North America Equity Research 02 January 2008

Imran Khan and the JPMorgan Internet, Media and Entertainment team Imran Khan Imran Khan is a Managing Director and the Senior Internet, Media and Entertainment Analyst at JPMorgan. Mr. Khan ranked #2 for Internet in the Institutional Investor All America Research Poll in 2005, 2006, and 2007. Additionally, he has been consistently recognized as one of the top Internet analysts in the Greenwich Research Poll since 2005. Mr. Khan has authored several widely read research reports, including past editions of the Nothing But Net report, as well as “The Rise of Ad Networks” and “Large Cap Courtship and Consolidation”. Mr. Khan is a sought-after speaker and has presented at leading industry conferences such as Ad-Tech, Red Herring, AlwaysOn, and Young & Rubicam Digital Day. Mr. Khan has also received invitations as a guest speaker at multiple universities.

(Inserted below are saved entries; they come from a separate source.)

(* In the setting of the context, assume $q<q_c$ and let $\beta\in(0,1)$. For the estimate $\hat q$ (when $\hat q<q_c$), let $\bar q$ be the optimal value of the problem $$\max_{x\in[0,1]} x\quad\text{s.t.}\quad x\ge\hat q,\quad Q+(1-x)\hat K^\top R\hat K-(x-\hat q)A^\top\hat PB(R+B^\top\hat PB)^{-1}B^\top\hat PA\succ0 .$$ Then with probability at least $1-\beta$ (over the samples) the following holds: if $\hat q<q_c$ and $\bar q\ge\hat q+\Delta(N_q,\beta)$, where $\Delta(N_q,\beta)=\sqrt{\log(2/\beta)/(2N_q)}$, then $\hat K$ mean-square stabilizes the system.
   Context: Let $A\in\mathbb{R}^{n\times n}$, $B\in\mathbb{R}^{n\times m}$ with $(A,B)$ stabilizable, and let $Q$, $R$ be symmetric positive definite. Consider $x_{t+1}=Ax_t+\lambda_tBu_t$, $t\ge0$, with $x_0$ random with finite mean and covariance and $\{\lambda_t\}$ i.i.d. Bernoulli, independent of $x_0$, with $\mathcal{P}(\lambda_t=0)=q$, $q\in(0,1)$ unknown. The estimate is $\hat q=\frac1{N_q}\sum_{i=1}^{N_q}(1-\lambda_i)$ from $N_q$ i.i.d. samples with the same Bernoulli law. For $p\in[0,1)$ the modified Riccati equation with parameter $p$ is $X=Q+A^\top XA-(1-p)A^\top XB(R+B^\top XB)^{-1}B^\top XA$; $q_c$ is the critical loss probability such that for every $p\in[0,q_c)$ this equation has a unique positive definite solution. For $\hat q\in[0,q_c)$, $\hat P$ is the positive definite solution for parameter $\hat q$ and $\hat K=-(R+B^\top\hat PB)^{-1}B^\top\hat PA$. $\hat K$ mean-square stabilizes the system if the closed loop $x_{t+1}=(A+\lambda_tB\hat K)x_t$ satisfies $\lim_{t\to\infty}\mathbb{E}\{x_t^\top x_t\}=0$. *)

From HB Require Import structures.
From mathcomp Require Import all_boot all_order all_algebra.
From mathcomp Require Import all_classical all_reals all_analysis.
Set Implicit Arguments. Unset Strict Implicit. Unset Printing Implicit Defensive.
Import Order.TTheory GRing.Theory Num.Theory.
Import numFieldNormedType.Exports.
Local Open Scope classical_set_scope.
Local Open Scope ring_scope.

Section Defs.
Variable R : realType.

Definition posdef (n : nat) (M : 'M[R]_n) : Prop :=
  M^T = M /\ forall x : 'cV[R]_n, x != 0 -> 0 < (x^T *m M *m x) 0 0.

Fixpoint det_state (n : nat) (F : 'M[R]_n) (x0 : 'cV[R]_n) (t : nat) : 'cV[R]_n :=
  match t with 0 => x0 | t'.+1 => F *m det_state F x0 t' end.

Definition stabilizable (n m : nat) (A : 'M[R]_n) (B : 'M[R]_(n, m)) : Prop :=
  exists K : 'M[R]_(m, n), forall (x0 : 'cV[R]_n) (i : 'I_n),
    (fun t => det_state (A + B *m K) x0 t i 0) @ \oo --> (0 : R).

Definition riccati (n m : nat) (A : 'M[R]_n) (B : 'M[R]_(n, m))
  (Q : 'M[R]_n) (Rw : 'M[R]_m) (p : R) (X : 'M[R]_n) : Prop :=
  X = Q + A^T *m X *m A
      - (1 - p) *: (A^T *m X *m B *m invmx (Rw + B^T *m X *m B) *m B^T *m X *m A).

Definition gain (n m : nat) (A : 'M[R]_n) (B : 'M[R]_(n, m)) (Rw : 'M[R]_m)
  (P : 'M[R]_n) : 'M[R]_(m, n) :=
  - (invmx (Rw + B^T *m P *m B) *m B^T *m P *m A).

(* closed-loop state x_t = (A+λ_{t-1}BK)...(A+λ_0BK) x_0 along a
   packet-arrival sequence lam (lam t = true iff λ_t = 1) *)
Fixpoint cl_state (n m : nat) (A : 'M[R]_n) (B : 'M[R]_(n, m)) (K : 'M[R]_(m, n))
  (lam : nat -> bool) (x0 : 'cV[R]_n) (t : nat) : 'cV[R]_n :=
  match t with
  | 0 => x0
  | t'.+1 => (A + (lam t')%:R *: (B *m K)) *m cl_state A B K lam x0 t'
  end.

Definition bern_prob (q : R) (k : nat) (s : {ffun 'I_k -> bool}) : R :=
  \prod_(i < k) (if s i then 1 - q else q).

Definition ext_path (k : nat) (s : {ffun 'I_k -> bool}) : nat -> bool :=
  fun i => match insub i with Some j => s j | None => false end.

(* E{x_t^T x_t} when x_0 ~ P (on a probability space) and λ_0..λ_{t-1}
   i.i.d. Bernoulli independent of x_0: expectation over the product
   space, written as a finite sum over the λ-paths of the x_0-expectation. *)
Definition ms_energy (n m : nat) (A : 'M[R]_n) (B : 'M[R]_(n, m)) (K : 'M[R]_(m, n))
  (q : R) (d : measure_display) (T : measurableType d) (P : probability T R)
  (x0 : T -> 'cV[R]_n) (t : nat) : R :=
  \sum_(s : {ffun 'I_t -> bool})
    bern_prob q s *
    fine (\int[P]_w (((cl_state A B K (ext_path s) (x0 w) t)^T
                        *m cl_state A B K (ext_path s) (x0 w) t) 0 0)%:E).

(* K mean-square stabilizes x_{t+1} = (A + λ_t B K) x_t, P(λ_t = 0) = q:
   for every random initial state with finite mean and covariance
   (measurable with square-integrable entries), E{x_t^T x_t} -> 0. *)
Definition ms_stabilizes (n m : nat) (A : 'M[R]_n) (B : 'M[R]_(n, m))
  (K : 'M[R]_(m, n)) (q : R) : Prop :=
  forall (d : measure_display) (T : measurableType d) (P : probability T R)
    (x0 : T -> 'cV[R]_n),
    (forall i : 'I_n, measurable_fun setT (fun w => x0 w i 0)) ->
    (forall i : 'I_n, P.-integrable setT (fun w => ((x0 w i 0) ^+ 2)%:E)) ->
    (fun t => ms_energy A B K q P x0 t) @ \oo --> (0 : R).

Definition qhat (N : nat) (s : {ffun 'I_N -> bool}) : R :=
  (\sum_(i < N) (~~ s i)%:R) / N%:R.

Definition sample_prob (q : R) (N : nat) (E : {ffun 'I_N -> bool} -> Prop) : R :=
  \sum_(s : {ffun 'I_N -> bool} | `[< E s >]) bern_prob q s.

Definition Delta (N : nat) (beta : R) : R :=
  Num.sqrt (ln (2 / beta) / (2 * N%:R)).

Definition qbar (n m : nat) (A : 'M[R]_n) (B : 'M[R]_(n, m))
  (Q : 'M[R]_n) (Rw : 'M[R]_m) (qh : R) (Ph : 'M[R]_n) : R :=
  let Kh := gain A B Rw Ph in
  sup [set x : R | 0 <= x <= 1 /\ qh <= x /\
        posdef (Q + (1 - x) *: (Kh^T *m Rw *m Kh)
                  - (x - qh) *: (A^T *m Ph *m B *m invmx (Rw + B^T *m Ph *m B)
                                  *m B^T *m Ph *m A))].

End Defs.

(* Hoeffding's inequality for the sample mean gives [q < qhat + Delta <= qbar] with
   probability at least [1 - beta], so some feasible point [e] of the LMI exceeds [q].
   With [G = A'PB (R + B'PB)^-1 B'PA], the modified Riccati equation at [qhat] gives,
   for the true loss probability [q], the one-step identity
     E[x1' P x1 | x0 = x] = x'Px - x'(Q + (1 - q) K'RK + (qhat - q) G)x,
   and for [e >= q] the matrix in parentheses dominates the LMI matrix at [e], which is
   positive definite. Hence [x'Px] is a stochastic Lyapunov function contracting by a
   fixed factor, [E|x_t|^2] decays geometrically for every initial state, and integrating
   over the random initial state gives mean-square stability. *)

From HB Require Import structures.
From mathcomp Require Import all_boot all_order all_algebra.
From mathcomp Require Import all_classical all_reals all_analysis.
From mathcomp Require Import measurable_realfun ring lra.
Import Order.TTheory GRing.Theory Num.Theory.
Import numFieldNormedType.Exports.
Set Implicit Arguments. Unset Strict Implicit. Unset Printing Implicit Defensive.
Local Open Scope ring_scope.

Section QuadraticForms.
Variable R : realType.

Definition bform n (M : 'M[R]_n) (x y : 'cV[R]_n) : R := (x^T *m M *m y) 0 0.
Definition qform n (M : 'M[R]_n) (x : 'cV[R]_n) : R := bform M x x.

Lemma bformE n (M : 'M[R]_n) x y :
  bform M x y = \sum_j (\sum_i x i 0 * M i j) * y j 0.
Proof.
rewrite /bform mxE; apply: eq_bigr => j _; rewrite !mxE; congr (_ * _).
by apply: eq_bigr => i _; rewrite !mxE.
Qed.

Lemma bform_tr n (M : 'M[R]_n) x y : bform M x y = bform M^T y x.
Proof.
have -> : bform M x y = (x^T *m M *m y)^T 0 0 by rewrite mxE.
by rewrite !trmx_mul trmxK mulmxA.
Qed.

Lemma bformDl n (M : 'M[R]_n) x1 x2 y : bform M (x1 + x2) y = bform M x1 y + bform M x2 y.
Proof. by rewrite /bform linearD /= !mulmxDl mxE. Qed.

Lemma bformDr n (M : 'M[R]_n) x y1 y2 : bform M x (y1 + y2) = bform M x y1 + bform M x y2.
Proof. by rewrite /bform !mulmxDr mxE. Qed.

Lemma bformZl n (M : 'M[R]_n) a x y : bform M (a *: x) y = a * bform M x y.
Proof. by rewrite /bform linearZ /= -!scalemxAl mxE. Qed.

Lemma bformZr n (M : 'M[R]_n) a x y : bform M x (a *: y) = a * bform M x y.
Proof. by rewrite /bform -!scalemxAr mxE. Qed.

Lemma bformNl n (M : 'M[R]_n) x y : bform M (- x) y = - bform M x y.
Proof. by rewrite -scaleN1r bformZl mulN1r. Qed.

Lemma bformNr n (M : 'M[R]_n) x y : bform M x (- y) = - bform M x y.
Proof. by rewrite -scaleN1r bformZr mulN1r. Qed.

Lemma bform0l n (M : 'M[R]_n) y : bform M 0 y = 0.
Proof. by rewrite /bform trmx0 !mul0mx mxE. Qed.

Mr. Khan came to JPMorgan in 2004 after three years at Fulcrum Global Partners, where he was a Managing Director in Equity Research covering Internet and Software. Prior to Fulcrum, Mr. Khan worked as an investment banker at ING, covering Telecom. Before ING, he worked for Wild Blue, a satellite start-up company.

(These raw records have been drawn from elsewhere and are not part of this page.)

Lemma emb_le a b : a <= b -> f a <= f b.
Proof. by move=> /meet_idPl ab; apply/meet_idPl; rewrite -(proj1 (proj2 emb)) ab. Qed.

Lemma re_tight xi a : is_tight xi -> xi (f a) -> is_tight (re xi).
Proof.
move=> /tightP [fxi coverxi] xia; have [_ [f_meet f_bot]] := emb.
apply/tightP; split=> [|b C xib /pres /(coverxi _ _ xib) [_ /mapP [c cC ->] xic]]; last by exists c.
split; first by exists a.
split; first by exists \bot; rewrite /re f_bot; exact: filter_not_bot.
split; first by move=> u v xiu uv; exact: filter_up fxi xiu (emb_le uv).
by move=> u v xiu xiv; rewrite /re f_meet; exact: filter_meet.
Qed.

Lemma re_preimage_Vbasic a as_ : re_preimage f (Vbasic a as_) = Vbasic (f a) (map f as_).
Proof.
apply/predeqP => xi; split=> [[txi [_ [[xia xias] _]]]|[[xia xias] txi]].
  by split=> //; split=> // _ /mapP [q qas ->]; exact: xias.
split=> //; split; first by exists a.
split; last exact: re_tight txi xia.
by split=> // q qas; apply: xias; apply/mapP; exists q.
Qed.

Lemma re_preimage0 : re_preimage f set0 = set0.
Proof. by apply/predeqP => xi; split=> [[_ [_ []]]|[]]. Qed.

Lemma re_preimageU U V :
  re_preimage f (U `|` V)%classic = (re_preimage f U `|` re_preimage f V)%classic.
Proof.
apply/predeqP => xi; split=> [[txi [xia [Uxi|Vxi]]]|[[txi [xia Uxi]]|[txi [xia Vxi]]]];
  by [left|right|split=> //; split=> //; left|split=> //; split=> //; right].
Qed.

Lemma re_preimageD U V :
  re_preimage f (U `\` V)%classic = (re_preimage f U `\` re_preimage f V)%classic.
Proof.
apply/predeqP => xi; split=> [[txi [xia [Uxi nVxi]]]|[[txi [xia Uxi]] nV]].
  by split=> // -[_ [_ Vxi]].
by split=> //; split=> //; split=> // Vxi; exact: nV.
Qed.

Lemma re_preimage_Vunion L :
  re_preimage f (Vunion L) = Vunion [seq (f p.1, map f p.2) | p <- L].
Proof.
by elim: L => [|p L IH] /=; rewrite ?re_preimage0 // re_preimageU re_preimage_Vbasic IH.
Qed.

Lemma in_re_imageE W : in_re_image f W <-> exists2 U, Tc U & W = re_preimage f U.
Proof.
split=> [[U [TU /predeqP ->]]|[U TU ->]]; first by exists U.
by exists U; split.
Qed.

Lemma in_re_image_Vunion W :
  in_re_image f W -> exists L, W = Vunion [seq (f p.1, map f p.2) | p <- L].
Proof. by move=> /in_re_imageE [U /TcP [L ->] ->]; exists L; exact: re_preimage_Vunion. Qed.

Lemma in_re_image_Tc W : in_re_image f W -> Tc W.
Proof. by move=> /in_re_image_Vunion [L ->]; exact: Tc_Vunion. Qed.

Lemma in_re_image0 : in_re_image f set0.
Proof. by apply/in_re_imageE; exists set0; rewrite ?re_preimage0 //; exact: Tc_set0. Qed.

Lemma in_re_imageU W1 W2 :
  in_re_image f W1 -> in_re_image f W2 -> in_re_image f (W1 `|` W2)%classic.
Proof.
move=> /in_re_imageE [U1 TU1 ->] /in_re_imageE [U2 TU2 ->]; apply/in_re_imageE.
by exists (U1 `|` U2)%classic; [exact: Tc_setU|rewrite re_preimageU].
Qed.

Lemma in_re_imageD W1 W2 :
  in_re_image f W1 -> in_re_image f W2 -> in_re_image f (W1 `\` W2)%classic.
Proof.
move=> /in_re_imageE [U1 TU1 ->] /in_re_imageE [U2 TU2 ->]; apply/in_re_imageE.
by exists (U1 `\` U2)%classic; [exact: Tc_setD|rewrite re_preimageD].
Qed.

Section CoverBelow.
Hypothesis cover_below : forall x : P2, (exists z : P1, x <= f z) ->
  exists (y : P1) (ys : seq P1),
    x <= f y /\
    (forall yi, yi \in ys -> yi <= y /\ f yi `&` x = \bot) /\
    finite_cover (f y) (rcons (map f ys) x).

(* A tight [xi] contains [x] iff [re xi] contains [y] and none of the [y_i]. *)
Lemma in_re_image_Vbasic_nil x a : x <= f a -> in_re_image f (Vbasic x [::]).
Proof.
move=> xa; have [y [ys [xy [ys_x cov]]]] := cover_below (ex_intro _ a xa).
apply/in_re_imageE; exists (Vbasic y ys); first exact: Tc_Vbasic.
apply/predeqP => xi; split=> [[[xix _] txi]|[txi [_ [[xiy xiys] _]]]].
  have xiy : xi (f y) := filter_up (proj1 txi) xix xy.
  split=> //; split; first by exists y.
  split; last exact: re_tight txi xiy.
  split=> // yi yis xiyi; apply: filter_not_bot (proj1 txi) _.
  by rewrite -(proj2 (ys_x yi yis)); exact: filter_meet (proj1 txi) xiyi xix.
split=> //; split=> //; have [c] := tight_cover txi xiy cov.
by rewrite mem_rcons inE => /predU1P [->|/mapP [yi yis ->] /(xiys yi yis)].
Qed.

Lemma in_re_image_Vbasic x xs a : x <= f a -> in_re_image f (Vbasic x xs).
Proof.
move=> xa; elim: xs => [|b bs IH]; first exact: in_re_image_Vbasic_nil xa.
rewrite Vbasic_cons; apply: in_re_imageD IH (in_re_image_Vbasic_nil _).
exact: le_trans (leIl _ _) xa.
Qed.

Lemma in_re_imageI (W V : fset P2) : in_re_image f W -> Tc V -> in_re_image f (W `&` V)%classic.
Proof.
move=> /in_re_image_Vunion [L1 ->] /TcP [L2 ->].
elim: L1 => [|p L1 IH] /=; first by rewrite set0I; exact: in_re_image0.
rewrite setIUl; apply: in_re_imageU IH.
elim: L2 => [|q L2 IH2] /=; first by rewrite setI0; exact: in_re_image0.
rewrite setIUr Vbasic_setI; apply: in_re_imageU IH2.
exact: in_re_image_Vbasic (leIl _ _).
Qed.

End CoverBelow.

End Restriction.

Theorem mainTheorem9 (d1 d2 : Order.disp_t)
  (P1 : bMeetSemilatticeType d1) (P2 : bMeetSemilatticeType d2)
  (f : P1 -> P2) :
  semilattice_embedding f ->
  preserves_finite_covers f ->
  (forall x : P2, (exists z : P1, x <= f z) ->
     exists (y : P1) (ys : seq P1),
       x <= f y /\
       (forall yi, yi \in ys -> yi <= y /\ f yi `&` x = \bot) /\
       finite_cover (f y) (rcons (map f ys) x)) ->
  is_ideal_Tc (in_re_image f).
Proof.
move=> emb pres cover_below; split; first exact: in_re_image_Tc.
split; first exact: in_re_imageU.
exact: in_re_imageI.
Qed.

Bridget Weishaar Bridget Weishaar joined the JPMorgan Internet, Media and Entertainment team in 2006. Prior to JPMorgan, Ms. Weishaar was a member of the Retail team at Bear Stearns, which ranked #1 in the Institutional Investor All America Research Poll in 2005. Ms. Weishaar obtained her MBA at the Wharton School, University of Pennsylvania, and holds a B.S. from the University of Notre Dame.

Joseph Boushelle Joe Boushelle joined the JPMorgan Internet, Media and Entertainment team in 2007. Previously, Mr. Boushelle covered the oil and gas sector for a credit trading group. Mr. Boushelle is a CFA charterholder, and received an M.B.A. with distinction from Cornell University and a B.A. in Economics from the University of Chicago.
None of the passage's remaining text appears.